Welcome to the tenth installment of a new series of NSX troubleshooting scenarios. Thanks to everyone who took the time to comment on the first half of the scenario. Today I’ll be performing some troubleshooting and will show how I came to the solution.
Please see the first half for more detail on the problem symptoms and some scoping.
As we saw in the first half, our fictional administrator was attempting to configure an ESG load balancer for both TCP and UDP port 514 traffic. Below is the high-level topology:
One of the first things to keep in mind when troubleshooting the NSX load balancer is the mode in which it’s operating. In this case, we know the customer is using a one-armed load balancer. The tell-tale sign is that the ESG sits in the same VLAN as the pool members with a single interface. Also, the pool members do not have the ESG configured as their default gateway.
We also know based on the screenshots in the first half that the load balancer is not operating in ‘Transparent’ mode – so traffic to the pool members should appear as though it’s coming from the load balancer virtual IP, not from the actual syslog clients.
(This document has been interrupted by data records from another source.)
(* Let $d\ge3$ and let $G_0$ be the Green's function (with pole at $0$) of the free Laplacian on $\mathbb Z^d$. Then for every $x\in\mathbb Z^d$, $$\sum_{y\in\mathbb Z^d:\,|y-x|=1}|G_0(x)-G_0(y)|>0.$$
   Context: The free Laplacian on $\mathbb Z^d$ is $\Delta f(x)=\sum_{y:|y-x|=1}(f(x)-f(y))$ and its Green's function is $G_0(x)=\lim_{\alpha\downarrow0}((\Delta+\alpha)^{-1}1_0)(x)$, which is finite for $d\ge3$. *)

From HB Require Import structures.
From mathcomp Require Import all_boot all_order all_algebra.
From mathcomp Require Import all_classical all_reals all_analysis.
Set Implicit Arguments. Unset Strict Implicit. Unset Printing Implicit Defensive.
Import Order.TTheory GRing.Theory Num.Theory.
Local Open Scope ring_scope.

Definition lattice (d : nat) := 'I_d -> int.

Definition lshift_pt (d : nat) (x : lattice d) (i : 'I_d) (s : int) : lattice d :=
  fun j => if j == i then x j + s else x j.

(* The neighbours y of x with |y - x| = 1 are exactly lshift_pt x i 1 and
   lshift_pt x i (-1), i < d.  Free Laplacian:
   (Delta f)(x) = sum_{|y-x|=1} (f x - f y). *)
Definition lap (R : realType) (d : nat) (f : lattice d -> R) (x : lattice d) : R :=
  \sum_(i < d) ((f x - f (lshift_pt x i 1)) + (f x - f (lshift_pt x i (-1)))).

Definition delta0 (R : realType) (d : nat) (x : lattice d) : R :=
  if [forall i, x i == 0] then 1 else 0.

(* g is the bounded solution of (Delta + a) g = 1_0, i.e. g = (Delta + a)^{-1} 1_0
   (for a > 0 this bounded solution is unique). *)
Definition is_resolvent0 (R : realType) (d : nat) (a : R) (g : lattice d -> R) : Prop :=
  (exists M : R, forall x, `|g x| <= M) /\
  (forall x, lap g x + a * g x = delta0 R x).

From HB Require Import structures.
From mathcomp Require Import all_boot all_order all_algebra.
From mathcomp Require Import all_classical all_reals all_analysis.
From mathcomp Require Import zify ring lra.
Import Order.TTheory GRing.Theory Num.Theory.
Import numFieldNormedType.Exports.
Local Open Scope classical_set_scope.
Local Open Scope ring_scope.
Set Implicit Arguments. Unset Strict Implicit.

(* Fix x and a coordinate i, and let c = x_i.  Let sigma be the reflection of
   Z^d in the hyperplane z_i = c + 1/2 if c >= 0 (z_i = c - 1/2 if c < 0), so
   that sigma x = x + e_i (resp. x - e_i) is a neighbour of x, and let D be the
   closed half-space bounded by this hyperplane containing x and the origin.
   Then u = G0 - G0 o sigma is sigma-odd and Δu = 1_0 on D, because sigma is a
   lattice symmetry which maps D away from the origin.
   1. Maximum principle for reflection-odd functions: a bounded sigma-odd v
      with (Δ + a) v >= 0 on D (a > 0) is nonnegative on D.  Applied to the
      resolvents Ga a - Ga a o sigma and passed to the limit a -> 0+, it
      gives u >= 0 on D.
   2. Strong minimum principle: a sigma-odd u >= 0 on D with Δu = 1_0 on D
      has no zero in D, since a zero spreads to the neighbours, hence along a
      path to the origin, where Δu(0) = 1 contradicts a local minimum.
   So G0 (sigma x) < G0 x and the term of the gradient sum in direction i is
   positive. *)

Section Lattice.
Variable d : nat.
Implicit Types z : lattice d.

Definition unit_step (t : int) : Prop := t = 1 \/ t = -1.

Definition l1norm (z : lattice d) : nat := (\sum_(j < d) `|z j|)%N.

Definition toward0 (n : int) : int := if 0 < n then -1 else 1.

Lemma unit_step_toward0 n : unit_step (toward0 n).
Proof. by rewrite /toward0; case: ifP; [right|left]. Qed.

Lemma l1norm_toward0 z j : z j != 0 ->
  (l1norm (lshift_pt z j (toward0 (z j))) < l1norm z)%N.
Proof.
move=> zj0; rewrite /l1norm (bigD1 j) //= [X in (_ < X)%N](bigD1 j) //=.
rewrite (eq_bigr (fun k => `|z k|%N)) => [|k /negbTE kj]; last by rewrite /lshift_pt kj.
by rewrite ltn_add2r /lshift_pt eqxx /toward0; move: zj0; case: ifP; move: (z j); lia.
Qed.

End Lattice.

Section LatticeLaplacian.
Variables (R : realType) (d : nat).
Implicit Types (f g : lattice d -> R) (z : lattice d).

Lemma lapB f g z : lap (fun w => f w - g w) z = lap f z - lap g z.
Proof. by rewrite /lap -sumrB; apply: eq_bigr => j _; ring. Qed.

Lemma delta0_ge0 z : 0 <= delta0 R z.
Proof. by rewrite /delta0; case: ifP. Qed.

Lemma lap_le_nbr_lb f z (m : R) :
  (forall j t, unit_step t -> m <= f (lshift_pt z j t)) ->
  lap f z <= 2 * d%:R * (f z - m).
Proof.
move=> hm; have -> : 2 * d%:R * (f z - m) = \sum_(j < d) ((f z - m) + (f z - m)).
  by rewrite sumr_const card_ord -mulr_natl; ring.
apply: ler_sum => j _; apply: lerD; rewrite lerD2l lerN2; apply: hm; by [left|right].
Qed.

Lemma lap_at_zero_min f z :
  f z = 0 -> (forall j t, unit_step t -> 0 <= f (lshift_pt z j t)) -> 0 <= lap f z ->
  lap f z = 0 /\ forall j t, unit_step t -> f (lshift_pt z j t) = 0.
Proof.
move=> fz0 hnb hlap.
pose S := \sum_(j < d) (f (lshift_pt z j 1) + f (lshift_pt z j (-1))).
have pair_ge0 j : 0 <= f (lshift_pt z j 1) + f (lshift_pt z j (-1)).
  by apply: addr_ge0; apply: hnb; [left|right].
have lapS : lap f z = - S by rewrite /lap /S -sumrN; apply: eq_bigr => j _; rewrite fz0; ring.
have S0 : S = 0.
  by apply/eqP; rewrite eq_le -oppr_ge0 -lapS hlap sumr_ge0.
split=> [|j t [->|->]]; first by rewrite lapS S0 oppr0.
all: have /eqP := @psumr_eq0P _ _ xpredT _ (fun j _ => pair_ge0 j) S0 j isT.
all: rewrite paddr_eq0; try (apply: hnb; by [left|right]).
all: by case/andP=> /eqP ? /eqP.
Qed.

(* The Laplacian at a point is a finite combination of values, so it commutes
   with pointwise limits. *)
Lemma lap_cvg (T : Type) (F : set_system T) (FF : Filter F)
    (f : T -> lattice d -> R) g z :
  (forall w, f s w @[s --> F] --> g w) -> lap (f s) z @[s --> F] --> lap g z.
Proof.
move=> hf; apply: cvg_big => [|j _]; first exact: add_continuous.
by apply: cvgD; apply: cvgB; apply: hf.
Qed.

End LatticeLaplacian.

Section Reflection.
Variables (d : nat) (i : 'I_d) (c : int) (b : bool).
Implicit Types (z : lattice d).

Definition side_step : int := if b then 1 else -1.

(* The reflection sigma in the hyperplane z_i = c + side_step/2. *)
Definition mirror z : lattice d :=
  fun j => if j == i then 2 * c + side_step - z j else z j.

(* The closed half-space D bounded by that hyperplane and containing z_i = c. *)
Definition near_side z : Prop := if b then z i <= c else c <= z i.

Lemma mirrorK z : mirror (mirror z) = z.
Proof. by apply: funext => j; rewrite /mirror; case: eqP => // _; lia. Qed.

Lemma mirror_boundary z : z i = c -> mirror z = lshift_pt z i side_step.
Proof.
by move=> zic; apply: funext => j; rewrite /mirror /lshift_pt; case: eqP => [->|//]; lia.
Qed.

Lemma mirror_shift z j t :
  mirror (lshift_pt z j t) = lshift_pt (mirror z) j (if j == i then - t else t).
Proof.
apply: funext => k; rewrite /mirror /lshift_pt.
by have [<-|//] := eqVneq j k; case: (j == i); lia.
Qed.

(* sigma is a lattice symmetry, so it commutes with the Laplacian. *)
Lemma lap_mirror (R : realType) (g : lattice d -> R) z :
  lap (fun w => g (mirror w)) z = lap g (mirror z).
Proof.
rewrite /lap; apply: eq_bigr => j _; rewrite !mirror_shift.
by case: (j == i); rewrite ?opprK // addrC.
Qed.

Lemma near_side_nbr z j t : unit_step t -> near_side z ->
  near_side (lshift_pt z j t) \/ lshift_pt z j t = mirror z.
Proof.
move=> ht; rewrite /near_side /mirror /side_step /lshift_pt.
have [<-|//] := eqVneq i j; last by left.
case: b ht => -[]-> zi; [case: (lerP (z i + 1) c)|case: (lerP (z i + -1) c)
  |case: (lerP c (z i + 1))|case: (lerP c (z i + -1))]; try by left.
all: by move=> h; right; apply: funext => k; case: eqP => [->|//]; lia.
Qed.

(* At a near-minimiser of v
   on D all neighbours are >= inf v (the one outside D equals -v > 0), which
   forces (Δ + a) v < 0 there if inf v < 0. *)
Lemma odd_resolvent_min_principle (R : realType) (a : R) (v : lattice d -> R) :
  0 < a -> (exists M, forall z, `|v z| <= M) -> (forall z, v (mirror z) = - v z) ->
  (forall z, near_side z -> 0 <= lap v z + a * v z) ->
  forall z, near_side z -> 0 <= v z.
Proof.
move=> a0 [M vM] v_odd hres.
pose E := v @` near_side.
have E_lb : has_lbound E.
  by exists (- M) => _ [z _ <-]; have := vM z; rewrite ler_norml => /andP[].
have E_ne : E !=set0 by exists (v (fun=> c)), (fun=> c); rewrite /near_side; case: b.
pose m := inf E.
have m_le z : near_side z -> m <= v z by move=> zD; apply: ge_inf => //; exists z.
suff m_ge0 : 0 <= m by move=> z zD; exact: le_trans m_ge0 (m_le z zD).
rewrite leNgt; apply/negP => m_lt0.
have d_ge0 : 0 <= d%:R :> R by [].
have den_gt0 : 0 < 2 * d%:R + a by lra.
pose eps := - (a * m) / (2 * d%:R + a).
have eps_gt0 : 0 < eps by rewrite divr_gt0 // oppr_gt0 pmulr_rlt0.
have eps_def : (2 * d%:R + a) * eps = - (a * m) by rewrite /eps mulrC divfK ?gt_eqF.
have eps_le : eps <= - m by rewrite ler_pdivrMr //; nra.
have [_ [z zD <-] vz_lt] := inf_adherent eps_gt0 (conj E_ne E_lb).
have nbr_ge : forall j t, unit_step t -> m <= v (lshift_pt z j t).
  move=> j t ht; case: (near_side_nbr j ht zD) => [|->]; first exact: m_le.
  rewrite v_odd; rewrite -/m in vz_lt; lra.
have := lap_le_nbr_lb nbr_ge; have := hres z zD; rewrite -/m in vz_lt; nra.
Qed.

Section OriginInD.
Hypothesis origin_near : near_side (fun=> 0).

(* Since D contains the origin, sigma maps D into the other half-space, which
   does not contain the origin. *)
Lemma delta0_mirror (R : realType) z : near_side z -> delta0 R (mirror z) = 0.
Proof.
move: origin_near; rewrite /near_side /delta0 => hc hz.
case: forallP => // /(_ i); rewrite /mirror eqxx /side_step => /eqP.
by case: b hc hz; lia.
Qed.

Lemma near_side_toward0 z j : z j != 0 -> near_side z ->
  near_side (lshift_pt z j (toward0 (z j))).
Proof.
move: origin_near; rewrite /near_side /lshift_pt /toward0.
have [<-|//] := eqVneq i j.
by case: b; case: ifP; move: (z i); lia.
Qed.

(* A zero at z /= 0 spreads to all neighbours, in particular to
   one closer to the origin; at the origin Δu = 1 contradicts the local minimum. *)
Lemma odd_green_no_zero (R : realType) (u : lattice d -> R) :
  (forall z, u (mirror z) = - u z) -> (forall z, near_side z -> 0 <= u z) ->
  (forall z, near_side z -> lap u z = delta0 R z) ->
  forall z, near_side z -> u z != 0.
Proof.
move=> u_odd u_ge0 u_lap.
suff no_zero n : forall z, (l1norm z < n)%N -> near_side z -> u z != 0.
  by move=> z; exact: no_zero (l1norm z).+1 z (ltnSn _).
elim: n => // n IH z z_lt zD; apply/eqP => uz0.
have nbr_ge0 j t : unit_step t -> 0 <= u (lshift_pt z j t).
  move=> ht; case: (near_side_nbr j ht zD) => [|->]; first exact: u_ge0.
  by rewrite u_odd uz0 oppr0.
have lap_ge0 : 0 <= lap u z by rewrite u_lap // delta0_ge0.
have [lap0 nbr0] := lap_at_zero_min uz0 nbr_ge0 lap_ge0.
move: lap0; rewrite u_lap // /delta0.
case: (boolP [forall k, z k == 0]) => [_ /eqP|/forallPn [j zj0] _]; first by rewrite oner_eq0.
have y_lt : (l1norm (lshift_pt z j (toward0 (z j))) < n)%N.
  exact: leq_trans (l1norm_toward0 zj0) _.
have := IH _ y_lt (near_side_toward0 zj0 zD).
by rewrite nbr0 ?eqxx //; exact: unit_step_toward0.
Qed.

End OriginInD.
End Reflection.

Section GreenFunction.
Variables (R : realType) (d : nat) (Ga : R -> lattice d -> R) (G0 : lattice d -> R).
Hypothesis Ga_resolvent : forall a, 0 < a -> is_resolvent0 a (Ga a).
Hypothesis Ga_cvg : forall x, Ga a x @[a --> 0^'+] --> G0 x.

(* Passing to the limit a -> 0+ in (Δ + a) Ga = 1_0 gives Δ G0 = 1_0. *)
Lemma lap_G0 z : lap G0 z = delta0 R z.
Proof.
have to_lap : lap (Ga a) z + a * Ga a z @[a --> 0^'+] --> lap G0 z + 0 * G0 z.
  apply: cvgD; first exact: lap_cvg.
  apply: cvgM; last exact: Ga_cvg.
  exact: (cvg_at_right_filter (f := id) cvg_id).
have to_delta : lap (Ga a) z + a * Ga a z @[a --> 0^'+] --> delta0 R z.
  apply: cvg_near_cst; near=> a.
  have a_gt0 : 0 < a by near: a; exact: nbhs_right_gt.
  by have [_ ->] := Ga_resolvent a_gt0.
have := cvg_lim (@Rhausdorff R) to_lap; rewrite (cvg_lim (@Rhausdorff R) to_delta).
by rewrite mul0r addr0 => ->.
Unshelve. all: by end_near. Qed.

Section Mirror.
Variables (i : 'I_d) (c : int) (b : bool).
Hypothesis origin_near : near_side i c b (fun=> 0).
Notation mirror := (mirror i c b).
Notation near_side := (near_side i c b).

(* The reflected difference of the resolvents is nonnegative on D by the
   maximum principle; so is its limit G0 - G0 o sigma. *)
Lemma G0_mirror_le z : near_side z -> G0 (mirror z) <= G0 z.
Proof.
move=> zD; rewrite -subr_ge0.
have diff_cvg : Ga a z - Ga a (mirror z) @[a --> 0^'+] --> G0 z - G0 (mirror z).
  by apply: cvgB; apply: Ga_cvg.
apply: (closed_cvg _ (@closed_ge _ 0) _ _ diff_cvg); near=> a => /=.
have a_gt0 : 0 < a by near: a; exact: nbhs_right_gt.
have [[M GaM] Ga_eq] := Ga_resolvent a_gt0.
pose v w := Ga a w - Ga a (mirror w).
apply: (@odd_resolvent_min_principle _ i c b R a v a_gt0) => //.
- exists (M + M) => w; apply: le_trans (ler_normB _ _) _; exact: lerD.
- by move=> w; rewrite /v mirrorK opprB.
- move=> w wD; rewrite /v lapB lap_mirror.
  have := Ga_eq w; have := Ga_eq (mirror w); rewrite delta0_mirror //.
  have := delta0_ge0 R w; lra.
Unshelve. all: by end_near. Qed.

(* By the strong minimum principle the inequality is strict. *)
Lemma G0_mirror_lt z : near_side z -> G0 (mirror z) < G0 z.
Proof.
move=> zD; rewrite lt_def G0_mirror_le // andbT -subr_eq0.
apply: (@odd_green_no_zero _ i c b origin_near R (fun w => G0 w - G0 (mirror w))) => //.
- by move=> w; rewrite mirrorK opprB.
- by move=> w wD; rewrite subr_ge0 G0_mirror_le.
- by move=> w wD; rewrite lapB lap_mirror !lap_G0 delta0_mirror ?subr0.
Qed.

End Mirror.
End GreenFunction.

Theorem mainTheorem17 (R : realType) (d : nat) (hd : (3 <= d)%N)
  (Ga : R -> lattice d -> R) (G0 : lattice d -> R) :
  (forall a : R, 0 < a -> is_resolvent0 a (Ga a)) ->
  (forall x : lattice d, Ga a x @[a --> 0^'+] --> G0 x) ->
  forall x : lattice d,
    0 < \sum_(i < d) (`|G0 x - G0 (lshift_pt x i 1)| + `|G0 x - G0 (lshift_pt x i (-1))|).
Proof.
move=> Ga_resolvent Ga_cvg x.
(* Reflect x in the first coordinate, away from the origin. *)
pose i : 'I_d := Ordinal (leq_trans (isT : (0 < 3)%N) hd).
pose c := x i; pose b := (0 <= c).
have origin_near : near_side i c b (fun=> 0).
  by rewrite /near_side /b; case: lerP => // /ltW.
have xD : near_side i c b x by rewrite /near_side; case: ifP.
have := G0_mirror_lt Ga_resolvent Ga_cvg origin_near xD.
rewrite mirror_boundary // -subr_gt0 => gap.
have term_i : 0 < `|G0 x - G0 (lshift_pt x i 1)| + `|G0 x - G0 (lshift_pt x i (-1))|.
  move: gap; rewrite /side_step; case: ifP => _ gap.
  - by rewrite ltr_pwDl // gtr0_norm.
  - by rewrite ltr_pwDr // gtr0_norm.
rewrite (bigD1 i) //= ltr_pwDl //.
by apply: sumr_ge0 => j _; apply: addr_ge0.
Qed.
The packet capture the customer did proves that this is actually not the case.
That said, how exactly does an NSX one-armed load balancer work?
As traffic comes in on one of the interfaces and ports configured as a ‘virtual server’, the load balancer will simply forward the traffic to one of the pool members based on the load balancing algorithm configured. In our case, it’s a simple ‘round robin’ rotation of the pool members per session/socket. But forwarding would imply that the syslog servers would see traffic coming from the originating source IP of the syslog client. This would cause a fundamental problem with asymmetry when the pool member needs to reply. When it does, the traffic would bypass the ESG and be sent directly back to the client. This would be fine with UDP, which is connection-less, but what about TCP?